[Stored items]
Lemma p6_freeP : ~ induced_sub p6_rel e -> p6_free.
Proof.
move=> nop6 p0 p1 p2 p3 p4 p5 e01 e12 e23 e34 e45 n02 n03 n04 n05 n13 n14 n15 n24 n25 n35.
apply: nop6; pose phi (i : 'I_6) := nth p0 [:: p0; p1; p2; p3; p4; p5] i.
have E := (e01, e12, e23, e34, e45, negbTE n02, negbTE n03, negbTE n04, negbTE n05,
  negbTE n13, negbTE n14, negbTE n15, negbTE n24, negbTE n25, negbTE n35).
have phi_adj a b : e (phi a) (phi b) = p6_rel a b.
  move: a b => [[|[|[|[|[|[|i]]]]]] ?] [[|[|[|[|[|[|j]]]]]] ?] //=;
  rewrite /phi /p6_rel /= ?e_irr //; first [by rewrite E | by rewrite e_sym E].
exists phi; split => // a b ab; apply: p6_rel_twin_free => c.
by rewrite -!phi_adj ab.
Qed.

Lemma card_setU1_le (x : T) (S : {set T}) : #|x |: S| <= #|S|.+1.
Proof. by rewrite cardsU1 -add1n leq_add2r leq_b1. Qed.

Definition dominated (S : {set T}) (z : T) : bool := (z \in S) || [exists s in S, e z s].

Lemma dominated_adj (S : {set T}) z s : s \in S -> e z s -> dominated S z.
Proof. by move=> sS zs; apply/orP; right; apply/exists_inP; exists s. Qed.

Lemma undominated_neq (S : {set T}) z s : ~~ dominated S z -> s \in S -> z != s.
Proof. by move=> zS sS; apply: contraNneq zS => ->; rewrite /dominated sS. Qed.

Lemma undominated_nadj (S : {set T}) z s : ~~ dominated S z -> s \in S -> ~~ e z s.
Proof. by move=> zS sS; apply: contra zS; exact: dominated_adj. Qed.

Lemma dominatedU1 (S : {set T}) x z :
  dominated (x |: S) z = [|| z == x, e z x | dominated S z].
Proof.
apply/idP/idP.
- case/orP=> [/setU1P[-> | zS] | /exists_inP [s /setU1P[-> -> | sS zs]]];
    rewrite ?eqxx ?orbT //.
    by rewrite /dominated zS !orbT.
  by rewrite (dominated_adj sS zs) !orbT.
- case/or3P=> [/eqP -> | zx | /orP[zS | /exists_inP [s sS zs]]].
  + by rewrite /dominated setU11.
  + exact: dominated_adj (setU11 x S) zx.
  + by rewrite /dominated setU1r.
  + exact: dominated_adj (setU1r x sS) zs.
Qed.

Lemma undominatedU1 (S : {set T}) x z :
  ~~ dominated (x |: S) z -> [/\ z != x, ~~ e z x & ~~ dominated S z].
Proof. by rewrite dominatedU1; case: (z == x) (e z x) (dominated S z) => [] [] []. Qed.

Lemma dominated_setD1 (S : {set T}) a z :
  dominated S z -> ~~ dominated (S :\ a) z -> (z == a) || e z a.
Proof.
case/orP=> [zS | /exists_inP [s sS zs]] zSa.
  by apply/orP; left; apply: contraNT zSa => za; rewrite /dominated in_setD1 za zS.
case: (eqVneq s a) => [<- | sa]; first by rewrite zs orbT.
by case/negP: zSa; apply: (dominated_adj (s := s)) => //; rewrite in_setD1 sa sS.
Qed.
Lemma T_alpha_first_cell t : oint (/ (1 + a), 1) t -> T_alpha a t = inv_branch 2 1 t.
Proof.
  intros [Ht1 Ht2]; simpl in *.
  assert (0 < / (1 + a)) by (apply Rinv_0_lt_compat; lra).
  assert (Ht : 0 < t) by lra.
  rewrite (T_alpha_in_D 1 t); [| lia | exact Ht |].
  - unfold inv_branch, Rdiv; simpl; ring.
  - simpl. split; [rewrite <- Rinv_1; apply Rinv_le_contravar | apply Rlt_le, Rinv_lt_comm]; lra.
Qed.

(* Truncation at the left end of [I_alpha] turns the breakpoints 1, 1/(1+a), 1/2,
   1/(2+a), ... of [T_alpha] into a nonincreasing sequence that is eventually
   constant; its nonempty cells are the branch intervals of [T_alpha] on [I_alpha]. *)
Definition alpha_breakpoint (j : nat) : R := Rmax (Rmin a (1 - a)) (/ recip_breakpoint a j).

Lemma alpha_breakpoint_noninc j : alpha_breakpoint (S j) <= alpha_breakpoint j.
Proof.
  apply Rle_max_compat_l, Rinv_le_contravar.
  - pose proof (recip_breakpoint_ge1 j); lra.
  - apply Rlt_le, recip_breakpoint_lt.
Qed.

Lemma alpha_breakpoint_0 : alpha_breakpoint 0 = 1.
Proof.
  unfold alpha_breakpoint; simpl. rewrite Rinv_1. apply Rmax_right.
  pose proof (Rmin_r a (1 - a)); lra.
Qed.

Lemma alpha_breakpoint_1 : alpha_breakpoint 1 = / (1 + a).
Proof.
  unfold alpha_breakpoint; simpl. apply Rmax_right.
  assert (/ 2 < / (1 + a)) by (apply Rinv_lt_contravar; lra).
  pose proof (Rmin_l a (1 - a)). pose proof (Rmin_r a (1 - a)). lra.
Qed.

Lemma alpha_breakpoint_end : exists K, alpha_breakpoint K = Rmin a (1 - a).
Proof.
  assert (Hm : 0 < Rmin a (1 - a)) by (apply Rmin_glb_lt; lra).
  destruct (INR_archimed 1 (/ Rmin a (1 - a)) ltac:(lra)) as [k Hk].
  exists (2 * k)%nat. unfold alpha_breakpoint. rewrite recip_breakpoint_double.
  apply Rmax_left, Rinv_le_comm; [exact Hm | lra].
Qed.

Section AlphaCells.

Variable K : nat.
Hypothesis K_end : alpha_breakpoint K = Rmin a (1 - a).

Lemma partition_mod_finite_alpha_cells :
  partition_mod_finite (I_alpha a) (breakpoint_cells alpha_breakpoint K).
Proof.
  pose proof (partition_mod_finite_breakpoint_cells _ alpha_breakpoint_noninc K) as HP.
  rewrite K_end, alpha_breakpoint_0 in HP. exact HP.
Qed.

Lemma alpha_cells_reciprocal I : In I (breakpoint_cells alpha_breakpoint K) ->
  0 <= fst I /\ snd I <= 1 /\ reciprocal_branch (T_alpha a) I.
Proof.
  intros HI.
  destruct (breakpoint_cells_bounds _ alpha_breakpoint_noninc K I HI) as [H1 [_ H2]].
  rewrite K_end in H1. rewrite alpha_breakpoint_0 in H2.
  pose proof (Rmin_glb_lt a (1 - a) 0 ltac:(lra) ltac:(lra)).
  split; [lra | split; [exact H2|]].
  apply In_breakpoint_cells in HI as [j [_ [Hlt ->]]].
  apply (reciprocal_branch_sub _ (/ recip_breakpoint a (S j), / recip_breakpoint a j)).
  - apply Rmax_r.
  - cbn [snd]. unfold alpha_breakpoint in *. apply Rmax_lub; [|lra].
    destruct (Rle_or_lt (Rmin a (1 - a)) (/ recip_breakpoint a j)) as [Hj | Hj]; [exact Hj|].
    rewrite (Rmax_left _ _ (Rlt_le _ _ Hj)) in Hlt.
    pose proof (Rmax_l (Rmin a (1 - a)) (/ recip_breakpoint a (S j))); lra.
  - apply T_alpha_between_breakpoints.
Qed.

Lemma In_alpha_first_cell : In (/ (1 + a), 1) (breakpoint_cells alpha_breakpoint K).
Proof.
  rewrite <- alpha_breakpoint_1, <- alpha_breakpoint_0.
  apply In_breakpoint_cells. exists 0%nat. repeat split.
  - destruct K as [|k]; [|lia]. rewrite alpha_breakpoint_0 in K_end.
    pose proof (Rmin_l a (1 - a)); lra.
  - rewrite alpha_breakpoint_1, alpha_breakpoint_0.
    assert (/ (1 + a) < / 1) by (apply Rinv_lt_contravar; lra). rewrite Rinv_1 in *; lra.
Qed.

End AlphaCells.

End TAlpha.

Theorem lemma2p2 : forall alpha : R, 0 < alpha < 1 ->
  AFN_map (I_alpha alpha) (T_alpha alpha).
Proof.
  intros a Ha.
  destruct (alpha_breakpoint_end a Ha) as [K HK].
  apply (AFN_map_of_reciprocal_branches _ _ (breakpoint_cells (alpha_breakpoint a) K)
           (/ (1 + a))).
  - apply finite_union_bounded_intervals_Icc. pose proof (Rmin_l a (1 - a)); lra.
  - exact (T_alpha_maps_I_alpha a Ha).
  - exact (partition_mod_finite_alpha_cells a Ha K HK).
  - exact (alpha_cells_reciprocal a Ha K HK).
  - exact (In_alpha_first_cell a Ha K HK).
  - exact (T_alpha_first_cell a Ha).
Qed.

# What to produce:
One number is the whole answer: how many lines in the records contain "assert".

# Result of the exercise:
5